(* Let $N\ge1$ be an integer, $d>0$, $T\ge (N+1)d$, and $0\le s_1\le\dots\le s_N$. Let $x^e$ be the optimal solution of the problem $(P^e)$: $$\min_{x\in\mathbb{R}^{N+1}}\ \sum_{i=1}^{N+1}x_i^2$$ subject to $\sum_{i=1}^k x_i\ge s_k+kd$ for $1\le k\le N$, and $\sum_{i=1}^{N+1}x_i=T+Nd$. Let $\bar x$ be the output of the Inter-Update Balancing Algorithm defined in the context. Then $x_i^e=\bar x_i$ for all $1\le i\le N$.
   Context: Inter-Update Balancing Algorithm. Set $s_0:=0$, $s_{N+1}:=T-d$, and $i_0:=0$. For $k=0,1,2,\dots$, while $i_k<N+1$, do the following. 1. Compute $M_k=\max_{i_k<j\le N+1}\frac{s_j-s_{i_k}}{j-i_k}$. 2. Let $i_{k+1}$ be the largest index $j\in\{i_k+1,\dots,N+1\}$ attaining this maximum. 3. Set $\bar x_i=M_k+d$ for all $i_k<i\le i_{k+1}$. The algorithm stops once $i_{k+1}=N+1$. Problem $(P^e)$ has a strictly convex objective, so its optimal solution is unique. *)

From HB Require Import structures.
From mathcomp Require Import all_boot all_order all_algebra.
Set Implicit Arguments. Unset Strict Implicit. Unset Printing Implicit Defensive.
Import Order.TTheory GRing.Theory Num.Theory.
Local Open Scope ring_scope.

Section IUB.
Variables (R : realFieldType) (N : nat) (T d : R) (s : nat -> R).

Definition sext (j : nat) : R :=
  if j == 0%N then 0 else if j == N.+1 then T - d else s j.

Definition slope (i j : nat) : R := (sext j - sext i) / (j - i)%:R.

(* For i < N+1: the pair (M, i') where M = max_{i<j<=N+1} slope i j and
   i' is the LARGEST index j in (i, N+1] attaining this maximum
   (ties are resolved in favour of later indices by the >= test). *)
Definition best_step (i : nat) : R * nat :=
  foldl (fun acc j => if acc.1 <= slope i j then (slope i j, j) else acc)
        (slope i i.+1, i.+1) (iota i.+2 (N - i)).

Fixpoint iub_run (fuel i : nat) : nat -> R :=
  match fuel with
  | 0%N => fun _ => 0
  | fuel'.+1 =>
      if (i < N.+1)%N then
        let: (M, i') := best_step i in
        let rest := iub_run fuel' i' in
        fun m => if (i < m <= i')%N then M + d else rest m
      else fun _ => 0
  end.

(* Output xbar of the Inter-Update Balancing Algorithm (indices 1..N+1);
   N+1 iterations suffice since the breakpoint strictly increases. *)
Definition iub_xbar : nat -> R := iub_run N.+1 0.

Definition Pe_feasible (x : nat -> R) : Prop :=
  (forall k, (1 <= k <= N)%N -> s k + k%:R * d <= \sum_(1 <= i < k.+1) x i) /\
  \sum_(1 <= i < N.+2) x i = T + N%:R * d.

Definition Pe_obj (x : nat -> R) : R := \sum_(1 <= i < N.+2) x i ^+ 2.

Definition Pe_optimal (x : nat -> R) : Prop :=
  Pe_feasible x /\ forall y, Pe_feasible y -> Pe_obj x <= Pe_obj y.

End IUB.

(* Write B_k = s_k + k d, so that (P^e) asks the prefix sums X_k of x to satisfy
   X_k >= B_k for k <= N and X_(N+1) = B_(N+1). The algorithm cuts 1..N+1 into
   blocks on which xbar is constant, equal to the largest slope of B from the
   left end of the block, attained at its right end. Hence the prefix sums of
   xbar stay above B and meet it at every block end, and the levels decrease
   from block to block. So xbar is feasible and satisfies the first-order
   condition <xbar, y - xbar> >= 0 for every feasible y (by induction over the
   blocks), and |y|^2 = |xbar|^2 + 2 <xbar, y - xbar> + |y - xbar|^2 shows that
   every minimiser equals xbar. *)

From Pilot Require Import Defs.
From mathcomp Require Import all_boot all_order all_algebra.
From mathcomp Require Import ring lra zify.
Set Implicit Arguments. Unset Strict Implicit. Unset Printing Implicit Defensive.
Import Order.TTheory GRing.Theory Num.Theory.
Local Open Scope ring_scope.

Lemma foldl_argmax_spec (R : realDomainType) (phi : nat -> R) (js : seq nat)
    (acc : R * nat) :
  acc.1 = phi acc.2 ->
  let r := foldl (fun acc j => if acc.1 <= phi j then (phi j, j) else acc) acc js in
  [/\ r.1 = phi r.2, r.2 = acc.2 \/ r.2 \in js, acc.1 <= r.1
    & {in js, forall j, phi j <= r.1}].
Proof.
elim: js acc => [|j js IH] acc acc_phi /=; first by split=> //; left.
set acc' := if acc.1 <= phi j then (phi j, j) else acc.
have acc'_phi : acc'.1 = phi acc'.2 by rewrite /acc'; case: ifP.
have [r_phi r_in acc'_le r_max] := IH acc' acc'_phi.
have acc_le : acc.1 <= acc'.1 by rewrite /acc'; case: ifP => // /negbT; rewrite -ltNge => /ltW.
have phij_le : phi j <= acc'.1 by rewrite /acc'; case: ifP => // /negbT; rewrite -ltNge => /ltW.
split=> //.
- case: r_in => [->|]; last by rewrite inE orbC => ->; right.
  by rewrite /acc'; case: ifP => _; [right; rewrite inE eqxx | left].
- exact: le_trans acc'_le.
- move=> k; rewrite inE => /predU1P [->|/r_max //]; exact: le_trans phij_le _.
Qed.

Lemma sum_sqr_minimizer_eq (R : realFieldType) (m n : nat) (x y : nat -> R) :
  \sum_(m <= l < n) y l ^+ 2 <= \sum_(m <= l < n) x l ^+ 2 ->
  0 <= \sum_(m <= l < n) x l * (y l - x l) ->
  forall l, (m <= l < n)%N -> y l = x l.
Proof.
move=> y_le x_orth l /andP [ml ln].
have expand : \sum_(m <= k < n) y k ^+ 2 = \sum_(m <= k < n) x k ^+ 2
    + 2 * \sum_(m <= k < n) x k * (y k - x k) + \sum_(m <= k < n) (y k - x k) ^+ 2.
  by rewrite mulr_sumr -!big_split /=; apply: eq_bigr => k _; ring.
have sqr_sum_ge0 i j : 0 <= \sum_(i <= k < j) (y k - x k) ^+ 2.
  by apply: sumr_ge0 => k _; exact: sqr_ge0.
have before := sqr_sum_ge0 m l; have after := sqr_sum_ge0 l.+1 n.
have split_at_l : \sum_(m <= k < n) (y k - x k) ^+ 2 =
    \sum_(m <= k < l) (y k - x k) ^+ 2 + (y l - x l) ^+ 2 + \sum_(l.+1 <= k < n) (y k - x k) ^+ 2.
  by rewrite (big_cat_nat _ (n := l)) ?(ltnW ln) //= (big_ltn ln) addrA.
have : (y l - x l) ^+ 2 <= 0 by lra.
by rewrite le_eqVlt ltNge sqr_ge0 orbF sqrf_eq0 subr_eq0 => /eqP.
Qed.

Section Balancing.
Variables (R : realFieldType) (N : nat) (T d : R) (s : nat -> R).

Local Notation sext := (sext N T d s).
Local Notation slope := (slope N T d s).
Local Notation iub_run := (iub_run N T d s).
Local Notation iub_xbar := (iub_xbar N T d s).

Definition cum (k : nat) : R := sext k + k%:R * d.

Lemma cum0 : cum 0 = 0.
Proof. by rewrite /cum /Defs.sext eqxx mul0r addr0. Qed.

Lemma cum_last : cum N.+1 = T + N%:R * d.
Proof. by rewrite /cum /Defs.sext /= eqxx -addn1 natrD; ring. Qed.

Lemma cum_mid k : (1 <= k <= N)%N -> cum k = s k + k%:R * d.
Proof.
by move=> kN; rewrite /cum /Defs.sext !ifF //; apply/negbTE; lia.
Qed.

Lemma Pe_feasibleP (y : nat -> R) :
  Pe_feasible N T d s y <->
  (forall k, (0 < k <= N.+1)%N -> cum k <= \sum_(1 <= l < k.+1) y l)
  /\ \sum_(1 <= l < N.+2) y l = cum N.+1.
Proof.
rewrite cum_last; split=> [[y_pre y_tot]|[y_pre y_tot]]; split=> // k kN.
- have [kN'|->] : (k <= N)%N \/ k = N.+1 by lia.
  + by rewrite cum_mid; [apply: y_pre |]; lia.
  + by rewrite y_tot cum_last.
- by rewrite -cum_mid; [apply: y_pre |]; lia.
Qed.

Lemma cumB_slope i k : (i < k)%N -> cum k - cum i = (k - i)%:R * (slope i k + d).
Proof.
move=> ik; have ki_gt0 : (0 : R) < (k - i)%:R by rewrite ltr0n subn_gt0.
rewrite /cum /Defs.slope mulrDr [(k - i)%:R * _]mulrC divfK ?gt_eqF // natrB ?(ltnW ik) //; ring.
Qed.

Lemma slope_le i k K :
  (i < k)%N -> (slope i k <= K) = (cum k - cum i <= (k - i)%:R * (K + d)).
Proof. by move=> ik; rewrite cumB_slope // ler_pM2l ?ltr0n ?subn_gt0 // lerD2r. Qed.

Lemma slope_le_of_max i i' j : (i < i')%N -> (i' < j)%N ->
  slope i j <= slope i i' -> slope i' j <= slope i i'.
Proof.
move=> ii' i'j; have ij := ltn_trans ii' i'j.
rewrite (slope_le _ ij) (slope_le _ i'j); have := cumB_slope ii'.
rewrite !(natrB _ (ltnW ii'), natrB _ (ltnW i'j), natrB _ (ltnW ij)) => cum_i' cum_j; lra.
Qed.

Lemma best_stepP i : (i <= N)%N ->
  let: (M, i') := best_step N T d s i in
  [/\ (i < i' <= N.+1)%N, M = slope i i'
    & forall j, (i < j <= N.+1)%N -> slope i j <= M].
Proof.
move=> iN; have := @foldl_argmax_spec R (slope i) (iota i.+2 (N - i)) (slope i i.+1, i.+1) erefl.
rewrite /best_step; case: foldl => M i' /= [-> i'_range first_le later_le].
split=> //; first by case: i'_range => [->|]; [lia | rewrite mem_iota; lia].
move=> j ijN; have [-> //|j_ne] := eqVneq j i.+1.
by apply: later_le; rewrite mem_iota; lia.
Qed.

Lemma iub_run_ind (P : nat -> (nat -> R) -> Prop) :
  P N.+1 (fun _ => 0) ->
  (forall i i' M (g : nat -> R), (i < i' <= N.+1)%N -> M = slope i i' ->
     (forall j, (i < j <= N.+1)%N -> slope i j <= M) -> P i' g ->
     P i (fun m => if (i < m <= i')%N then M + d else g m)) ->
  forall fuel i, (i <= N.+1)%N -> (N.+1 <= i + fuel)%N -> P i (iub_run fuel i).
Proof.
move=> P_end P_step; elim=> [|fuel IH] i iN fuel_i /=.
  by have -> : i = N.+1 by lia.
case: (ltnP i N.+1) => [iN'|Ni]; last by have -> : i = N.+1 by lia.
have := best_stepP iN'; case: best_step => M i' [ii' M_def M_max].
by apply: P_step => //; apply: IH; lia.
Qed.

Lemma sum_glue (Phi : nat -> R -> R) (g : nat -> R) i i' k v : (i <= i' <= k)%N ->
  \sum_(i.+1 <= l < k.+1) Phi l (if (i < l <= i')%N then v else g l)
  = \sum_(i.+1 <= l < i'.+1) Phi l v + \sum_(i'.+1 <= l < k.+1) Phi l (g l).
Proof.
move=> ii'k; rewrite (big_cat_nat _ (n := i'.+1)) /=; [congr (_ + _) | lia | lia].
- by apply: eq_big_nat => l l_range; rewrite ifT //; lia.
- by apply: eq_big_nat => l l_range; rewrite ifF //; apply/negbTE; lia.
Qed.

Lemma sum_const_block i k (v : R) : \sum_(i.+1 <= l < k.+1) v = (k - i)%:R * v.
Proof. by rewrite sumr_const_nat subSS mulr_natl. Qed.

Lemma iub_run_sum fuel i : (i <= N.+1)%N -> (N.+1 <= i + fuel)%N ->
  \sum_(i.+1 <= l < N.+2) iub_run fuel i l = cum N.+1 - cum i.
Proof.
move: fuel i; apply: (@iub_run_ind (fun i f => \sum_(i.+1 <= l < N.+2) f l = cum N.+1 - cum i)).
  by rewrite big_geq // subrr.
move=> i i' M g ii'N M_def _ IH.
rewrite (sum_glue (fun _ x => x)) /=; last lia.
rewrite IH sum_const_block M_def -cumB_slope; [ring | lia].
Qed.

Lemma iub_run_prefix_ge fuel i : (i <= N.+1)%N -> (N.+1 <= i + fuel)%N ->
  forall k, (i < k <= N.+1)%N -> cum k - cum i <= \sum_(i.+1 <= l < k.+1) iub_run fuel i l.
Proof.
move: fuel i; apply: (@iub_run_ind (fun i f => forall k, (i < k <= N.+1)%N ->
  cum k - cum i <= \sum_(i.+1 <= l < k.+1) f l)); first by lia.
move=> i i' M g ii'N M_def M_max IH k ikN.
have [ki'|i'k] := leqP k i'.
  rewrite (eq_big_nat _ _ (F2 := fun _ => M + d)); last by move=> l l_range; rewrite ifT //; lia.
  by rewrite sum_const_block -slope_le ?M_max //; lia.
rewrite (sum_glue (fun _ x => x)) /=; last lia.
rewrite sum_const_block M_def -cumB_slope; last lia.
have /IH rest_ge : (i' < k <= N.+1)%N by lia.
lra.
Qed.

(* [c] is the slack by which the prefix sum of [y] up to [i] exceeds B_i;
   carrying it along makes the first-order condition inductive over blocks. *)
Definition variational_from i (f : nat -> R) : Prop :=
  forall K, (forall j, (i < j <= N.+1)%N -> slope i j <= K) ->
  forall (y : nat -> R) c, 0 <= c ->
  (forall k, (i < k <= N.+1)%N -> cum k - cum i <= c + \sum_(i.+1 <= l < k.+1) y l) ->
  c + \sum_(i.+1 <= l < N.+2) y l = cum N.+1 - cum i ->
  - (K + d) * c <= \sum_(i.+1 <= l < N.+2) f l * (y l - f l).

Lemma iub_run_variational fuel i : (i <= N.+1)%N -> (N.+1 <= i + fuel)%N ->
  variational_from i (iub_run fuel i).
Proof.
move: fuel i; apply: iub_run_ind.
  by move=> K _ y c _ _; rewrite !big_geq // addr0 subrr => ->; rewrite mulr0.
move=> i i' M g ii'N M_def M_max IH K K_max y c c_ge0 y_pre y_tot.
have M_le_K : M <= K by rewrite M_def; apply: K_max; lia.
have block : cum i' - cum i = (i' - i)%:R * (M + d) by rewrite M_def cumB_slope //; lia.
set Y := \sum_(i.+1 <= l < i'.+1) y l.
have split_y k : (i' <= k)%N -> \sum_(i.+1 <= l < k.+1) y l = Y + \sum_(i'.+1 <= l < k.+1) y l.
  by move=> i'k; rewrite (big_cat_nat _ (n := i'.+1)) //; lia.
set c' := c + Y - (cum i' - cum i).
have c'_ge0 : 0 <= c'.
  have /y_pre y_i' : (i < i' <= N.+1)%N by lia.
  by rewrite -/Y in y_i'; rewrite /c'; lra.
have rest_ge : - (M + d) * c' <= \sum_(i'.+1 <= l < N.+2) g l * (y l - g l).
  apply: IH => //.
  - move=> j i'jN; rewrite M_def; apply: slope_le_of_max; try lia.
    by rewrite -M_def; apply: M_max; lia.
  - move=> k i'kN; have /y_pre : (i < k <= N.+1)%N by lia.
    by rewrite split_y /c'; [move=> ?; lra | lia].
  - by move: y_tot; rewrite split_y /c'; [lra | lia].
rewrite (sum_glue (fun l x => x * (y l - x))) /=; last lia.
rewrite -mulr_sumr sumrB sum_const_block -block -/Y.
have : 0 <= (K - M) * c by rewrite mulr_ge0 // subr_ge0.
rewrite /c' in rest_ge; lra.
Qed.

Lemma iub_xbar_feasible : Pe_feasible N T d s iub_xbar.
Proof.
apply/Pe_feasibleP; split=> [k kN|].
  by have := @iub_run_prefix_ge N.+1 0 (leq0n _) (leqnn _) k kN; rewrite cum0 subr0.
by rewrite (@iub_run_sum N.+1 0 (leq0n _) (leqnn _)) cum0 subr0.
Qed.

Lemma iub_xbar_variational (y : nat -> R) : Pe_feasible N T d s y ->
  0 <= \sum_(1 <= l < N.+2) iub_xbar l * (y l - iub_xbar l).
Proof.
case/Pe_feasibleP => y_pre y_tot.
have := best_stepP (leq0n N); case: best_step => M i' [_ _ M_max].
have := @iub_run_variational N.+1 0 (leq0n _) (leqnn _) M M_max y 0 (lexx 0).
rewrite mulr0 cum0; apply=> [k kN|]; first by rewrite subr0 add0r y_pre.
by rewrite subr0 add0r y_tot.
Qed.

End Balancing.

Theorem lemma5 (R : realFieldType) (N : nat) (d T : R) (s : nat -> R)
  (xe : nat -> R) :
  (1 <= N)%N -> 0 < d -> N.+1%:R * d <= T ->
  0 <= s 1%N -> (forall k, (1 <= k < N)%N -> s k <= s k.+1) ->
  Pe_optimal N T d s xe ->
  forall i, (1 <= i <= N)%N -> xe i = iub_xbar N T d s i.
Proof.
move=> _ _ _ _ _ [xe_feasible xe_min] i iN.
apply: (sum_sqr_minimizer_eq (xe_min _ (iub_xbar_feasible _ _ _ _))).
- exact: iub_xbar_variational.
- lia.
Qed.
(* Let $L$ be a distributive lattice. The relation $\le$ on positive simple functions over $L$ is transitive: if $\sum_ir_ia_i\le\sum_js_jb_j$ and $\sum_js_jb_j\le\sum_kt_kc_k$, then $\sum_ir_ia_i\le\sum_kt_kc_k$.
   Context: A positive simple function over a distributive lattice $L$ is a formal finite sum $\sum_i r_ix_i$ with rationals $r_i\ge0$ and $x_i\in L$. For a finite index set $I$, $x_I:=\bigwedge_{i\in I}x_i$ ($x_\emptyset=1$) and $r_I:=\sum_{i\in I}r_i$ ($r_\emptyset=0$). Define $\sum_ir_ix_i\le\sum_js_jy_j$ iff for every finite index set $I$, $x_I\le\bigvee\{y_J: J\text{ a finite index set with } r_I\le s_J\}$. *)

From HB Require Import structures.
From mathcomp Require Import all_boot all_order all_algebra.
Set Implicit Arguments. Unset Strict Implicit. Unset Printing Implicit Defensive.
Import Order.TTheory GRing.Theory Num.Theory.

(* A positive simple function sum_{i<n} r_i x_i over a bounded distributive
   lattice L is represented by its length n, coefficients r : 'I_n -> rat
   (assumed >= 0 in statements) and elements x : 'I_n -> L.
   For I a set of indices: x_I = \meet_(i in I) x i (empty meet = top = 1),
   r_I = \sum_(i in I) r i (empty sum = 0). *)
Definition psf_le (d : Order.disp_t) (L : tbDistrLatticeType d) (n m : nat)
  (r : 'I_n -> rat) (x : 'I_n -> L) (s : 'I_m -> rat) (y : 'I_m -> L) : Prop :=
  forall I : {set 'I_n},
    (\meet_(i in I) x i <=
       \join_(J : {set 'I_m} | ((\sum_(i in I) r i) <= (\sum_(j in J) s j))%R)
          \meet_(j in J) y j)%O.

From HB Require Import structures.
From mathcomp Require Import all_boot all_order all_algebra.
Import Order.TTheory GRing.Theory Num.Theory.

(* For a simple function sum_j s_j y_j and a threshold q, call
     level s y q = \join_(J | q <= s_J) y_J
   the join of all the meets y_J whose total weight s_J reaches q.  Then
   sum_i r_i x_i <= sum_j s_j y_j says exactly that x_I <= level s y r_I
   for every I.  Two facts give transitivity:
   - level s y q is antitone in q (raising the threshold drops terms);
   - if sum s b <= sum t c, then level s b q <= level t c q for every q,
     since each term b_J with q <= s_J lies below level t c s_J, which lies
     below level t c q by antitonicity.
   Chaining x_I <= level s b r_I <= level t c r_I concludes. *)

Section Level.
Context {d : Order.disp_t} {L : tbLatticeType d} {m : nat}.
Variables (s : 'I_m -> rat) (y : 'I_m -> L).

Definition level (q : rat) : L :=
  (\join_(J : {set 'I_m} | (q <= \sum_(j in J) s j)%R) \meet_(j in J) y j)%O.

Lemma level_antitone (q q' : rat) : (q <= q')%R -> (level q' <= level q)%O.
Proof.
move=> le_qq'; apply/joinsP => J le_q'J.
by apply: joins_sup; apply: le_trans le_qq' le_q'J.
Qed.

End Level.

Lemma psf_leE (d : Order.disp_t) (L : tbDistrLatticeType d) (n m : nat)
    (r : 'I_n -> rat) (x : 'I_n -> L) (s : 'I_m -> rat) (y : 'I_m -> L) :
  psf_le r x s y <->
  forall I : {set 'I_n}, (\meet_(i in I) x i <= level s y (\sum_(i in I) r i))%O.
Proof. by []. Qed.

Lemma psf_le_level (d : Order.disp_t) (L : tbDistrLatticeType d) (m p : nat)
    (s : 'I_m -> rat) (b : 'I_m -> L) (t : 'I_p -> rat) (c : 'I_p -> L) :
  psf_le s b t c -> forall q : rat, (level s b q <= level t c q)%O.
Proof.
move=> /psf_leE le_bc q; apply/joinsP => J le_qJ.
by apply: le_trans (le_bc J) _; apply: level_antitone.
Qed.

Theorem lemma4p4 (d : Order.disp_t) (L : tbDistrLatticeType d) (n m p : nat)
  (r : 'I_n -> rat) (a : 'I_n -> L)
  (s : 'I_m -> rat) (b : 'I_m -> L)
  (t : 'I_p -> rat) (c : 'I_p -> L) :
  (forall i, (0 <= r i)%R) -> (forall j, (0 <= s j)%R) -> (forall k, (0 <= t k)%R) ->
  psf_le r a s b -> psf_le s b t c -> psf_le r a t c.
Proof.
move=> _ _ _ /psf_leE le_ab le_bc; apply/psf_leE => I.
by apply: le_trans (le_ab I) _; apply: psf_le_level.
Qed.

================================

What are the lines, exactly as written above, from the line with "forall K, (forall" to the line with "- (K + d) * c <= \sum_(i.+1", both included? Output only those.

  forall K, (forall j, (i < j <= N.+1)%N -> slope i j <= K) ->
  forall (y : nat -> R) c, 0 <= c ->
  (forall k, (i < k <= N.+1)%N -> cum k - cum i <= c + \sum_(i.+1 <= l < k.+1) y l) ->
  c + \sum_(i.+1 <= l < N.+2) y l = cum N.+1 - cum i ->
  - (K + d) * c <= \sum_(i.+1 <= l < N.+2) f l * (y l - f l).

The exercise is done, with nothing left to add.